-------- SUPPLIED MATERIAL --------

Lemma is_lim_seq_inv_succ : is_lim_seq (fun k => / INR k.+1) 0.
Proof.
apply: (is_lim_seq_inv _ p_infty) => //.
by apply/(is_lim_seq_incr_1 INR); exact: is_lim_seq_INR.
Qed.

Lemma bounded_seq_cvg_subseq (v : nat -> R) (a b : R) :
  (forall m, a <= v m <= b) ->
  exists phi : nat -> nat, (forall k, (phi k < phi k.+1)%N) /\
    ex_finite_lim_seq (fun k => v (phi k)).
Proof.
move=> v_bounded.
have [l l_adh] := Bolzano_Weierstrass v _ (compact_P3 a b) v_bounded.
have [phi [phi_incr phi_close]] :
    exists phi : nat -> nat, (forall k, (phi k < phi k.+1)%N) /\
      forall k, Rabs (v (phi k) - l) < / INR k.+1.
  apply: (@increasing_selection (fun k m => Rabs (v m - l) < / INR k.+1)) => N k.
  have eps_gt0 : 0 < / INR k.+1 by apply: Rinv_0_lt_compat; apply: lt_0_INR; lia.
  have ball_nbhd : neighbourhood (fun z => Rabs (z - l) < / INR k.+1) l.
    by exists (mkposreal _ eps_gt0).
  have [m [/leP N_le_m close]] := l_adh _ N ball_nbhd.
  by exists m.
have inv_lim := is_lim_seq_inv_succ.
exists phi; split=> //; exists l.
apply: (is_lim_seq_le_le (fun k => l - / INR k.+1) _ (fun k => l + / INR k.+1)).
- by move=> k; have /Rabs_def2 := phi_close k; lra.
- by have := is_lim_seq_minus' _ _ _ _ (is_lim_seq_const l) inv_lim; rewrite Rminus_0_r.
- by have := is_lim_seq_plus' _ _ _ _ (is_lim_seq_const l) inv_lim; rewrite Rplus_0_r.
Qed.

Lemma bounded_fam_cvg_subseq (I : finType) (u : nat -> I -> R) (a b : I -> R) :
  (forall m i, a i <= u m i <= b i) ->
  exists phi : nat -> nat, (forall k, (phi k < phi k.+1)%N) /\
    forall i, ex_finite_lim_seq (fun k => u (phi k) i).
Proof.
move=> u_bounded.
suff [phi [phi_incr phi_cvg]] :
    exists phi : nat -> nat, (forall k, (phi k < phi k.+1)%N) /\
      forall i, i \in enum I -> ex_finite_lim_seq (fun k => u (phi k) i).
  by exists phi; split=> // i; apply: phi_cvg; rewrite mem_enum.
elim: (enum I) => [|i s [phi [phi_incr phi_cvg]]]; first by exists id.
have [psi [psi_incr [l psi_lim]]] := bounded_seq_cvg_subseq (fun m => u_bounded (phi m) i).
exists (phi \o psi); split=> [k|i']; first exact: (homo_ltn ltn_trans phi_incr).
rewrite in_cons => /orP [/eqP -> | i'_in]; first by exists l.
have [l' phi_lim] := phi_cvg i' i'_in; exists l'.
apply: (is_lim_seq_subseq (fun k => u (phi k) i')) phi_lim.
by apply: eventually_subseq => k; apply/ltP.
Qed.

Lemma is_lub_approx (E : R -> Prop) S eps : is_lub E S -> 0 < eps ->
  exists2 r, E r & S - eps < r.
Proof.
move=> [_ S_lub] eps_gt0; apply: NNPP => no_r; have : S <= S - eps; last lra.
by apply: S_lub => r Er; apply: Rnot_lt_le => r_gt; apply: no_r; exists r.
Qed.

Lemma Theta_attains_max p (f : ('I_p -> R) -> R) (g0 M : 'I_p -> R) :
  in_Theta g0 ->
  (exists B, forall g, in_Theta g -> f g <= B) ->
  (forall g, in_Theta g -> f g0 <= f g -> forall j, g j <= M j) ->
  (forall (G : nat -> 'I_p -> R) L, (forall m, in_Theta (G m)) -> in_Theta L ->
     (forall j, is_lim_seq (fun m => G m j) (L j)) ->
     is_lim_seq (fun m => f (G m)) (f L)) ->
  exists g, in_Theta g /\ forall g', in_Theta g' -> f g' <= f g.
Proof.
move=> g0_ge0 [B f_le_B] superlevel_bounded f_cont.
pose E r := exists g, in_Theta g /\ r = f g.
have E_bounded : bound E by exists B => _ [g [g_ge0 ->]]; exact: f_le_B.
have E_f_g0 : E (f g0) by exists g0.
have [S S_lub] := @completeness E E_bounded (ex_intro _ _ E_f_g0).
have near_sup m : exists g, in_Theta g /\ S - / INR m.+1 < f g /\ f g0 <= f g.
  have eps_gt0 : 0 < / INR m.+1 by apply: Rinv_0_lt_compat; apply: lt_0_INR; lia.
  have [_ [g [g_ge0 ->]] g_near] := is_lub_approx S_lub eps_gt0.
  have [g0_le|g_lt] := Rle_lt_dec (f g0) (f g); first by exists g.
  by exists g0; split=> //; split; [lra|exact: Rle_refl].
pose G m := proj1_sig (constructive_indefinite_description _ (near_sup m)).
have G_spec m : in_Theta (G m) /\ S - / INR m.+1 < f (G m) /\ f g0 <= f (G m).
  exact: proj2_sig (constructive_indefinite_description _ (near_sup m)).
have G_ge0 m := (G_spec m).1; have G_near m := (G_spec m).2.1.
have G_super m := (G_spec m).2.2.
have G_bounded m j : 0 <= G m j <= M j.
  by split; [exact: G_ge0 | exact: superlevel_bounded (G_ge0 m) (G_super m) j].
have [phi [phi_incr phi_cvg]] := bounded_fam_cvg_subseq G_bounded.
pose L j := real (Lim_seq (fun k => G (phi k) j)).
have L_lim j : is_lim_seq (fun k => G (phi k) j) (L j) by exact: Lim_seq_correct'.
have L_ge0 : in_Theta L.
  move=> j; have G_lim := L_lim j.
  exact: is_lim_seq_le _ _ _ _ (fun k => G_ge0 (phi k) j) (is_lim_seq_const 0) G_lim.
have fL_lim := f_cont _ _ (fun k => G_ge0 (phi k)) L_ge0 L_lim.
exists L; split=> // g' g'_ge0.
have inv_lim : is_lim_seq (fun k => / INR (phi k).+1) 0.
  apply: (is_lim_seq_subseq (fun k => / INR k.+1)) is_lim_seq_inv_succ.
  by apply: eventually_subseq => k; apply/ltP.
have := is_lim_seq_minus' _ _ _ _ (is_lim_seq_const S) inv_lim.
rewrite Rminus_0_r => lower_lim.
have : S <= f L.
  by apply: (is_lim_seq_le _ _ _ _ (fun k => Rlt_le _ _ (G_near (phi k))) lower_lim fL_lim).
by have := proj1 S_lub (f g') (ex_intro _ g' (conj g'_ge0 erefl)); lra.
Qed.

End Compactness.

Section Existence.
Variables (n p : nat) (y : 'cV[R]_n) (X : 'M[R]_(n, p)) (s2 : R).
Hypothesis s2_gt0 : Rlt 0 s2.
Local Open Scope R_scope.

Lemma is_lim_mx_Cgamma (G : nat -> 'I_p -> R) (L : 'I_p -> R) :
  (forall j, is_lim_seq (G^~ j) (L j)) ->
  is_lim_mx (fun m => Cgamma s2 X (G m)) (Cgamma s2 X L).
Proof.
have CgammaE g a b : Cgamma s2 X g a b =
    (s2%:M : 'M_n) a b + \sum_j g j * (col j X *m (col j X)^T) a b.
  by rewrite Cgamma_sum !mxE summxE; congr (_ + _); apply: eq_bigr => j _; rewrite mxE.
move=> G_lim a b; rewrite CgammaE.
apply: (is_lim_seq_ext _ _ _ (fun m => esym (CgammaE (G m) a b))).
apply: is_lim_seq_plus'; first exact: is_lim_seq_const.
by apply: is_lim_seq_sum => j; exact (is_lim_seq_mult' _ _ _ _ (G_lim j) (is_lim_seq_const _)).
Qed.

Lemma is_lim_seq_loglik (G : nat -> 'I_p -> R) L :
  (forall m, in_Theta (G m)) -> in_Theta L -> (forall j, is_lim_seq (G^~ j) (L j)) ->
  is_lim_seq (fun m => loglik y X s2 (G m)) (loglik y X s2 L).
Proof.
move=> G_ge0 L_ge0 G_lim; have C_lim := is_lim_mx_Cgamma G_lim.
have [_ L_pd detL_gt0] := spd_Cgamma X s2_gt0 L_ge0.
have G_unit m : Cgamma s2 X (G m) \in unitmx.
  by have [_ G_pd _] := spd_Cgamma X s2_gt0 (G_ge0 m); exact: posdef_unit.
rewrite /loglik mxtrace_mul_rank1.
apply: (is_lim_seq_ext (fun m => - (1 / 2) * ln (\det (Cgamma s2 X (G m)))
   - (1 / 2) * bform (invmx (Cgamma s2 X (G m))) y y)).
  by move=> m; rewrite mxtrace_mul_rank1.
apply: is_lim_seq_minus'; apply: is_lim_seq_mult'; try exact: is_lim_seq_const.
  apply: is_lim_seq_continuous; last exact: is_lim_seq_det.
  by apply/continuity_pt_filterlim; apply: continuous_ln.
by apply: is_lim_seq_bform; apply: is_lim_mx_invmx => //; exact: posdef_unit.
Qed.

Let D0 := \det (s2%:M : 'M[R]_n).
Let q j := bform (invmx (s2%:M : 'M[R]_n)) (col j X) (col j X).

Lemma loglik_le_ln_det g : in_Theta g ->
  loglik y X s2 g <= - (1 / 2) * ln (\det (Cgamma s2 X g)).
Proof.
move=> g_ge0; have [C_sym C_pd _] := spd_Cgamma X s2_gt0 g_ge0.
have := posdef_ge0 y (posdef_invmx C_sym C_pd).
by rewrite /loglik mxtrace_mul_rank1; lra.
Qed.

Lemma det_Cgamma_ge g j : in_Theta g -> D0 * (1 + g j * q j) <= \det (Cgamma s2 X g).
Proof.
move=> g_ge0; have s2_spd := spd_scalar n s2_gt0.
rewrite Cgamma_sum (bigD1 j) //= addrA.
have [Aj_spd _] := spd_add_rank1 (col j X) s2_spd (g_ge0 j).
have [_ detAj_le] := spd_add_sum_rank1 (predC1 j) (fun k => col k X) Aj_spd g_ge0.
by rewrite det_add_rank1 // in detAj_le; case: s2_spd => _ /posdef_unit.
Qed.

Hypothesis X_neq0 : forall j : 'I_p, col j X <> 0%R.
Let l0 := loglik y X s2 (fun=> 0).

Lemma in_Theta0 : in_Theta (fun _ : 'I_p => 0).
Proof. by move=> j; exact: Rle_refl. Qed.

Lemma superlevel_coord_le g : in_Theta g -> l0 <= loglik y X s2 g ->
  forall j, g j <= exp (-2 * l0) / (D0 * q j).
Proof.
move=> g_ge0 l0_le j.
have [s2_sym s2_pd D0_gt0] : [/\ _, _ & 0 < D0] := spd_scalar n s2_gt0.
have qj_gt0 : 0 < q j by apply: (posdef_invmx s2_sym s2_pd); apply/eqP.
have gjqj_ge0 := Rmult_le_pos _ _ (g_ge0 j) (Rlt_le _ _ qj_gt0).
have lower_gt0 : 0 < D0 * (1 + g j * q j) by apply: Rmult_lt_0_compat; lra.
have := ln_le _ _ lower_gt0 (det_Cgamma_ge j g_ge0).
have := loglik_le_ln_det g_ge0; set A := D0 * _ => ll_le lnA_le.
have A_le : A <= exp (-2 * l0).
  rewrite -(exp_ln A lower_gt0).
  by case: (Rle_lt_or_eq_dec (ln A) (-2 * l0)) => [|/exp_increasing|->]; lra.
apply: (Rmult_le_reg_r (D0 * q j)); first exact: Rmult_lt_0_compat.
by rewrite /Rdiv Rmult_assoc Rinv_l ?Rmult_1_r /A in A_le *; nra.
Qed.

--------
-------- SUPPLIED MATERIAL --------

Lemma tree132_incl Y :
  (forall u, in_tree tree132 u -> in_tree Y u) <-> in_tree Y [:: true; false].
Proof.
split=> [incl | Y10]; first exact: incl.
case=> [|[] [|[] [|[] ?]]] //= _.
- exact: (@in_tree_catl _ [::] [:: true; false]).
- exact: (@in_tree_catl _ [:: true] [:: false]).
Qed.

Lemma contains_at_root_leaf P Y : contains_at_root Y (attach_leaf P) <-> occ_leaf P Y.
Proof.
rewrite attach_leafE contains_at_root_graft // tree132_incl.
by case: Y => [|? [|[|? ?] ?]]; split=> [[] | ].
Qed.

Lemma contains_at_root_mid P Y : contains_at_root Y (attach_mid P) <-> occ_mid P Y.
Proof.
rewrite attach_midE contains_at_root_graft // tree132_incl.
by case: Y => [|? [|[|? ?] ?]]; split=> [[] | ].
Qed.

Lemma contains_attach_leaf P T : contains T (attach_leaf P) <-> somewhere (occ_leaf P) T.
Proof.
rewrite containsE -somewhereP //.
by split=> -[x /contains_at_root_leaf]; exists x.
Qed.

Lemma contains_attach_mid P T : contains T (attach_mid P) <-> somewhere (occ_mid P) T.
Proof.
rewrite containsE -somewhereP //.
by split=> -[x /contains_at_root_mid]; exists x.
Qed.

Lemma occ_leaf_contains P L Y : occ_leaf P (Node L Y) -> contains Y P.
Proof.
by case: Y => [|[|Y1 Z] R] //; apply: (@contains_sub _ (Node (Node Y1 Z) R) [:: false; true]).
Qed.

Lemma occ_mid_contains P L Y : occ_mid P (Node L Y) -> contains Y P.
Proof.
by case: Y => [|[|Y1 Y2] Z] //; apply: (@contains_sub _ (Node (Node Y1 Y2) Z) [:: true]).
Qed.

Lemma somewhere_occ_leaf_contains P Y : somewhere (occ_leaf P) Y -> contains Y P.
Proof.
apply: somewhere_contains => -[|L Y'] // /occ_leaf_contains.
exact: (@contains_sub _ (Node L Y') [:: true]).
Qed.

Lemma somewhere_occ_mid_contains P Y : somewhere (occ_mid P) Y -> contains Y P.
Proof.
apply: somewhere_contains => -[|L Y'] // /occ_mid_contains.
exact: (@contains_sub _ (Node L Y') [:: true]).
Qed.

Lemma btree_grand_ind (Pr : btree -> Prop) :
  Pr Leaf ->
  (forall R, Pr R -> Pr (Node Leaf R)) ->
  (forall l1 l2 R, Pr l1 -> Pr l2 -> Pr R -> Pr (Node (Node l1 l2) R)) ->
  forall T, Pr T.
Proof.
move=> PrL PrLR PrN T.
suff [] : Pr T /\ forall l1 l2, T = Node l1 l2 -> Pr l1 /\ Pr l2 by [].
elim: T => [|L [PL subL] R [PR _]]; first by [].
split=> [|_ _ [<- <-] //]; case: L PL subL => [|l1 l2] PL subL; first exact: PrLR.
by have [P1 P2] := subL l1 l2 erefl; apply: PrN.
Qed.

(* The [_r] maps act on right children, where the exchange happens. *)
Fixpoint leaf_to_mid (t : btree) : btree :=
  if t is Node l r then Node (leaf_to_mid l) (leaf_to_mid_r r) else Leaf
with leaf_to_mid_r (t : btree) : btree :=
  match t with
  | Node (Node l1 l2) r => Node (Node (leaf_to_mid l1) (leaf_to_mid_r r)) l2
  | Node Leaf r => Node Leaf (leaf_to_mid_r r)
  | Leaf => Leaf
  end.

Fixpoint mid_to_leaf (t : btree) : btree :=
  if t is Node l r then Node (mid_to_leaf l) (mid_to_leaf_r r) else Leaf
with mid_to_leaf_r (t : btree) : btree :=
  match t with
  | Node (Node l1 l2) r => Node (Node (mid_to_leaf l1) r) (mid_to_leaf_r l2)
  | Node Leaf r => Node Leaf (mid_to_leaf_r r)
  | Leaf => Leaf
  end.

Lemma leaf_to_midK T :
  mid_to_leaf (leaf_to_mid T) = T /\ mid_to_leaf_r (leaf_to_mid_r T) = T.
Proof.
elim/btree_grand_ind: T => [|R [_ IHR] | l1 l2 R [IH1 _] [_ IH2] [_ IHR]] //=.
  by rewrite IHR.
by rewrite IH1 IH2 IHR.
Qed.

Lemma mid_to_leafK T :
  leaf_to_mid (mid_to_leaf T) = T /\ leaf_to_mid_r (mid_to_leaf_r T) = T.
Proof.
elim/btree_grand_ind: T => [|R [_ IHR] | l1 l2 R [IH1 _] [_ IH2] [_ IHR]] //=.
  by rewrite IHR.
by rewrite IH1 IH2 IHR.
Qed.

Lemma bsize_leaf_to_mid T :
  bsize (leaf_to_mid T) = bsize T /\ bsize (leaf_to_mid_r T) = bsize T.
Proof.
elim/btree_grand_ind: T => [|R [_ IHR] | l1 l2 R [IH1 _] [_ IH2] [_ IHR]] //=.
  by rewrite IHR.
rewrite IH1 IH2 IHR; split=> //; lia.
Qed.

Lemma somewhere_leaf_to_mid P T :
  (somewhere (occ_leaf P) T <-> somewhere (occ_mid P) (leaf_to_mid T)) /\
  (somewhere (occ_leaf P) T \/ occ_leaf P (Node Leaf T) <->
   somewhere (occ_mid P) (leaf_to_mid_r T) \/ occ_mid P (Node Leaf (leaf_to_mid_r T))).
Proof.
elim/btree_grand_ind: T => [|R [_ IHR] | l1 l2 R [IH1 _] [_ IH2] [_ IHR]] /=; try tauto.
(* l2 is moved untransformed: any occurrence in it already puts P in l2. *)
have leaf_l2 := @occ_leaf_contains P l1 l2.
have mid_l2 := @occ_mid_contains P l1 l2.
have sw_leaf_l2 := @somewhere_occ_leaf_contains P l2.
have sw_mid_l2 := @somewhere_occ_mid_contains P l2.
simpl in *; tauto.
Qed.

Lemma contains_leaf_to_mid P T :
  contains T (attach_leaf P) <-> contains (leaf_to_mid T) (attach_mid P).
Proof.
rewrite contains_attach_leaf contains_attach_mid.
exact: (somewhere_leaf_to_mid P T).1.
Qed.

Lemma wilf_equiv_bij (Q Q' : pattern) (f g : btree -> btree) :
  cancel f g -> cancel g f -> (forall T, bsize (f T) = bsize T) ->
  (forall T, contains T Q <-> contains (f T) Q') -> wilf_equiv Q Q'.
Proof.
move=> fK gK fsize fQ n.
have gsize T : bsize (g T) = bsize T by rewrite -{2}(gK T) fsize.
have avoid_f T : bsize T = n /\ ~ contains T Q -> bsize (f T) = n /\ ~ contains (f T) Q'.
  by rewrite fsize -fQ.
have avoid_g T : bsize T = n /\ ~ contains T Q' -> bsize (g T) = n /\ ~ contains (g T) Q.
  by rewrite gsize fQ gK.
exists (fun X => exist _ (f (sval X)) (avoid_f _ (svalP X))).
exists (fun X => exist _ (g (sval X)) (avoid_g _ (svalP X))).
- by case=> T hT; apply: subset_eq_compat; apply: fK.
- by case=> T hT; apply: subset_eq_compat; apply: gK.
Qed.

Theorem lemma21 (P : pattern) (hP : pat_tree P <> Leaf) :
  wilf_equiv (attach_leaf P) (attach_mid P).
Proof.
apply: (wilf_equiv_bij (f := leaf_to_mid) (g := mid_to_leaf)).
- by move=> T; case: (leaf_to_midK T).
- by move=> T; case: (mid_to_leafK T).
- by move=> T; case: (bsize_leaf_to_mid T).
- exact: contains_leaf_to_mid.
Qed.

--------

Restate word for word the lines in the material above from the one with "(* The [_r] maps" to the one with "Lemma leaf_to_midK T"; both of those lines count, and nothing else does.

(* The [_r] maps act on right children, where the exchange happens. *)
Fixpoint leaf_to_mid (t : btree) : btree :=
  if t is Node l r then Node (leaf_to_mid l) (leaf_to_mid_r r) else Leaf
with leaf_to_mid_r (t : btree) : btree :=
  match t with
  | Node (Node l1 l2) r => Node (Node (leaf_to_mid l1) (leaf_to_mid_r r)) l2
  | Node Leaf r => Node Leaf (leaf_to_mid_r r)
  | Leaf => Leaf
  end.

Fixpoint mid_to_leaf (t : btree) : btree :=
  if t is Node l r then Node (mid_to_leaf l) (mid_to_leaf_r r) else Leaf
with mid_to_leaf_r (t : btree) : btree :=
  match t with
  | Node (Node l1 l2) r => Node (Node (mid_to_leaf l1) r) (mid_to_leaf_r l2)
  | Node Leaf r => Node Leaf (mid_to_leaf_r r)
  | Leaf => Leaf
  end.

Lemma leaf_to_midK T :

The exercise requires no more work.